-- Provided material follows --

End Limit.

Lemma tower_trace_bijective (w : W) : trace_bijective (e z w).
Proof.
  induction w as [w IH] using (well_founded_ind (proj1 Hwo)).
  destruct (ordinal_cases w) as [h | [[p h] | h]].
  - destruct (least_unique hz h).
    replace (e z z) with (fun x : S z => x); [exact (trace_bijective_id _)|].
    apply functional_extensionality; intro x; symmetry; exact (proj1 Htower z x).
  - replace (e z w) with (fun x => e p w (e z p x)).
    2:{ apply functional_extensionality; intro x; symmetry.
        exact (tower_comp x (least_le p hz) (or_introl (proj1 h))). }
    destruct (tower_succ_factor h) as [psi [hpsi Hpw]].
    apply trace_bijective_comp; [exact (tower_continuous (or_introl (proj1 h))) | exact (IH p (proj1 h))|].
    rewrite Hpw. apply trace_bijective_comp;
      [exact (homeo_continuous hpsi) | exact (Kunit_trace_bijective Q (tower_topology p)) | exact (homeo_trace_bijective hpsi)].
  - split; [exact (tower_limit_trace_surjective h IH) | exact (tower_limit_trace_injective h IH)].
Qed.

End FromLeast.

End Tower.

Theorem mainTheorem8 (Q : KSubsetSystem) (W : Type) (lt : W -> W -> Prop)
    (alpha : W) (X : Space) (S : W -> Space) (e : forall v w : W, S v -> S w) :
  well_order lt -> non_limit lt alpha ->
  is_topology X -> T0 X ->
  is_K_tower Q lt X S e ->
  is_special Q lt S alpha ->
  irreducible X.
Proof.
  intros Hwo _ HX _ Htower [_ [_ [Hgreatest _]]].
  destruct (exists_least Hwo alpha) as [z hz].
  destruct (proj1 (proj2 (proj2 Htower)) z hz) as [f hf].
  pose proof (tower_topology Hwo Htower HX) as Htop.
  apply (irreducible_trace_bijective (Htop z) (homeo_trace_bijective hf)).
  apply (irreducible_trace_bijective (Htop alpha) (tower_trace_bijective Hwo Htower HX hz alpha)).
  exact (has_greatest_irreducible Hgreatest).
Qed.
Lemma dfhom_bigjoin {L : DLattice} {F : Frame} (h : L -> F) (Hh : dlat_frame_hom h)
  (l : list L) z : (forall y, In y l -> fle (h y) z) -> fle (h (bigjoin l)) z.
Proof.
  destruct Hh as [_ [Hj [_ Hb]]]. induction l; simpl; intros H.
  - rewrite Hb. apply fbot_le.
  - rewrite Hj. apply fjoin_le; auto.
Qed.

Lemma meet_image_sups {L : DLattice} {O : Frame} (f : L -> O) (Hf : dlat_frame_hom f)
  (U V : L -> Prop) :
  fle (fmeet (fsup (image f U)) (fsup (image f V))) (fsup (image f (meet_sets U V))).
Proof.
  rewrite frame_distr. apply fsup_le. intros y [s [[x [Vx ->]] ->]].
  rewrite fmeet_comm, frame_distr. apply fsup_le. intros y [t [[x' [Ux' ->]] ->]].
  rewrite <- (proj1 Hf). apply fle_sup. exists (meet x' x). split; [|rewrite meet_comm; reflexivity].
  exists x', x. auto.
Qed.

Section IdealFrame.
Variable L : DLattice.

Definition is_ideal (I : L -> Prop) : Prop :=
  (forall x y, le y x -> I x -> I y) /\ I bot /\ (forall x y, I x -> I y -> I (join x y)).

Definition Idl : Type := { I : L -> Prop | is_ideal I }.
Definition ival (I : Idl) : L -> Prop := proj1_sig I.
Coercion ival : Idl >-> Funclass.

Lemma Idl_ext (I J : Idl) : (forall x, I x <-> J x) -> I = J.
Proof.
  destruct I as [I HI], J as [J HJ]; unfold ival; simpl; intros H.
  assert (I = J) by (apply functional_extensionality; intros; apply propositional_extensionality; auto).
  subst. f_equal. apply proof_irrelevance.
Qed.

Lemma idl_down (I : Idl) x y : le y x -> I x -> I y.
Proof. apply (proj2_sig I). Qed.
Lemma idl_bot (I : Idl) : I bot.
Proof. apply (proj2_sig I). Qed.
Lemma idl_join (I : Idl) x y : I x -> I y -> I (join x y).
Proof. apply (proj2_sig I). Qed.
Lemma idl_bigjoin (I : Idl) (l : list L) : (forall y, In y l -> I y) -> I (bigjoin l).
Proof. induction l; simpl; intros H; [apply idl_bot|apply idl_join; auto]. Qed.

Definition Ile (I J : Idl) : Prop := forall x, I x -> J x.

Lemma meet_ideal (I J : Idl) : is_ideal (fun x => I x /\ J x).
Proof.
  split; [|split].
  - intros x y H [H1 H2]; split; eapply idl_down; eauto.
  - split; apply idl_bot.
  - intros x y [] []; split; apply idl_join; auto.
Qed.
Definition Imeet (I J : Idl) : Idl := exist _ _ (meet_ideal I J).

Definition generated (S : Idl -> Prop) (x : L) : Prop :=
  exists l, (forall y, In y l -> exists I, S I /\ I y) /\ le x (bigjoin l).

-- Provided material concluded --
-- Provided material follows --

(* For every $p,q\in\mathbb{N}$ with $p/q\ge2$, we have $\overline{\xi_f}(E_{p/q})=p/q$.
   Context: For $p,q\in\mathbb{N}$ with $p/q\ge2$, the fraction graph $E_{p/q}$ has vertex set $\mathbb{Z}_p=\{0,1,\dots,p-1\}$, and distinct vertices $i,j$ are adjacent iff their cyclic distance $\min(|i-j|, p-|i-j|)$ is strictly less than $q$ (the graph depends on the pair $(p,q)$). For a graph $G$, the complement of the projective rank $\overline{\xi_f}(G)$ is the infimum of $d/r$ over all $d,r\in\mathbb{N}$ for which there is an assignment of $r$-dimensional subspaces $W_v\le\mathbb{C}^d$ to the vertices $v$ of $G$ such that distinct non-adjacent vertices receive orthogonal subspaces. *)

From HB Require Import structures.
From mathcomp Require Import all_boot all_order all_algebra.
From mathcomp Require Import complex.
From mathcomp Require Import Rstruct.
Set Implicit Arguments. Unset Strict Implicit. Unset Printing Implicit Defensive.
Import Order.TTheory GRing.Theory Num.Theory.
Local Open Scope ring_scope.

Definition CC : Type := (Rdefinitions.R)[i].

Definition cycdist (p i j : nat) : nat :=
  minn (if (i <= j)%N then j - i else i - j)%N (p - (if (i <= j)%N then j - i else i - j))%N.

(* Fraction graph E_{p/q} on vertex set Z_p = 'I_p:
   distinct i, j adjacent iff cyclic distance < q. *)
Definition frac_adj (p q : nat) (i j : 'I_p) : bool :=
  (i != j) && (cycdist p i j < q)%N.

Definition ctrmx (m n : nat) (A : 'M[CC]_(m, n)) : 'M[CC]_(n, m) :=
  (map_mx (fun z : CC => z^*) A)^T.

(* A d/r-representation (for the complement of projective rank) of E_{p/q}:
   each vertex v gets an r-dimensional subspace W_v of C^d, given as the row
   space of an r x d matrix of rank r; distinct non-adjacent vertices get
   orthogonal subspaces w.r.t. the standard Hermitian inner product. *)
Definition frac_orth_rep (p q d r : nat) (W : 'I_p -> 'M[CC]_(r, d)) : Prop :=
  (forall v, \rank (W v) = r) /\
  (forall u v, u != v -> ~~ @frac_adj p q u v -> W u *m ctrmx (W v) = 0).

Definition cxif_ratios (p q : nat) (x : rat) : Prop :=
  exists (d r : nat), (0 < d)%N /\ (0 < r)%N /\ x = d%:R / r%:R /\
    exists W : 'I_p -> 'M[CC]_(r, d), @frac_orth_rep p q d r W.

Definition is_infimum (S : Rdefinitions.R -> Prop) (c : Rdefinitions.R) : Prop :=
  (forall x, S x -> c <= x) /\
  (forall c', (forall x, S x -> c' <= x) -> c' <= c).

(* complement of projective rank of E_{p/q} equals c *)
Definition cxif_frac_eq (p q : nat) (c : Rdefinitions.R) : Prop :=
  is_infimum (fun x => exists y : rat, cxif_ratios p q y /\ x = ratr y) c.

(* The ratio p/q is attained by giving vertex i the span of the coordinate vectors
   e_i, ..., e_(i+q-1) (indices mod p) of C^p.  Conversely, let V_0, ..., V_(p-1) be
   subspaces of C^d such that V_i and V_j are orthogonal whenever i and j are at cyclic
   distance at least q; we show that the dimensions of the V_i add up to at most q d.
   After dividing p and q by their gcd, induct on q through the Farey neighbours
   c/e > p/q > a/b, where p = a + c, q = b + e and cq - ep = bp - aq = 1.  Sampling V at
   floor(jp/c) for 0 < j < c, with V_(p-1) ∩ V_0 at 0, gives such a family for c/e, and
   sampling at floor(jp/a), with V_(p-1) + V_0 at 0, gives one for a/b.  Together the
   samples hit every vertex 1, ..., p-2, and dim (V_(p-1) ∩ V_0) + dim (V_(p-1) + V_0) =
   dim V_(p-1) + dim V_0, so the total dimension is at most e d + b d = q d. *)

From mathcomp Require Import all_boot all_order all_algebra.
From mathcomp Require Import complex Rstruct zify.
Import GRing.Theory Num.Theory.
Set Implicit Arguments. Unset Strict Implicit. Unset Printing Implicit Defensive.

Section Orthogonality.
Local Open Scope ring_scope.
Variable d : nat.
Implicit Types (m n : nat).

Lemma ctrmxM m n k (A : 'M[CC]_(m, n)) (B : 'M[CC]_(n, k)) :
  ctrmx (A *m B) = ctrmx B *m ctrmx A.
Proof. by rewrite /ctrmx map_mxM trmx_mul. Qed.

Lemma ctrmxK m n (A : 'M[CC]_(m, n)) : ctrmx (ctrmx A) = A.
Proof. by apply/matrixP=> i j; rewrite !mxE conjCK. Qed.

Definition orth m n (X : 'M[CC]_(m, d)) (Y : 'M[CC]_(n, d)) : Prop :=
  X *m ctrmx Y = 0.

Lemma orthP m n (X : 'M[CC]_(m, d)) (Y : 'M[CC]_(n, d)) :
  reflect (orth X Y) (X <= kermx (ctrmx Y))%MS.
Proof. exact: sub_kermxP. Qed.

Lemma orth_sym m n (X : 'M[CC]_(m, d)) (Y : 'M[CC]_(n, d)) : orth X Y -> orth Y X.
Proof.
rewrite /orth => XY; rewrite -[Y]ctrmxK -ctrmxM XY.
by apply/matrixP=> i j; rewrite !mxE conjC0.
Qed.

-- Provided material concluded --

* **About this exercise**:
The answer must be every line of the data that holds the word "cyclic".

* **The answer**:
   Context: For $p,q\in\mathbb{N}$ with $p/q\ge2$, the fraction graph $E_{p/q}$ has vertex set $\mathbb{Z}_p=\{0,1,\dots,p-1\}$, and distinct vertices $i,j$ are adjacent iff their cyclic distance $\min(|i-j|, p-|i-j|)$ is strictly less than $q$ (the graph depends on the pair $(p,q)$). For a graph $G$, the complement of the projective rank $\overline{\xi_f}(G)$ is the infimum of $d/r$ over all $d,r\in\mathbb{N}$ for which there is an assignment of $r$-dimensional subspaces $W_v\le\mathbb{C}^d$ to the vertices $v$ of $G$ such that distinct non-adjacent vertices receive orthogonal subspaces. *)
   distinct i, j adjacent iff cyclic distance < q. *)
   subspaces of C^d such that V_i and V_j are orthogonal whenever i and j are at cyclic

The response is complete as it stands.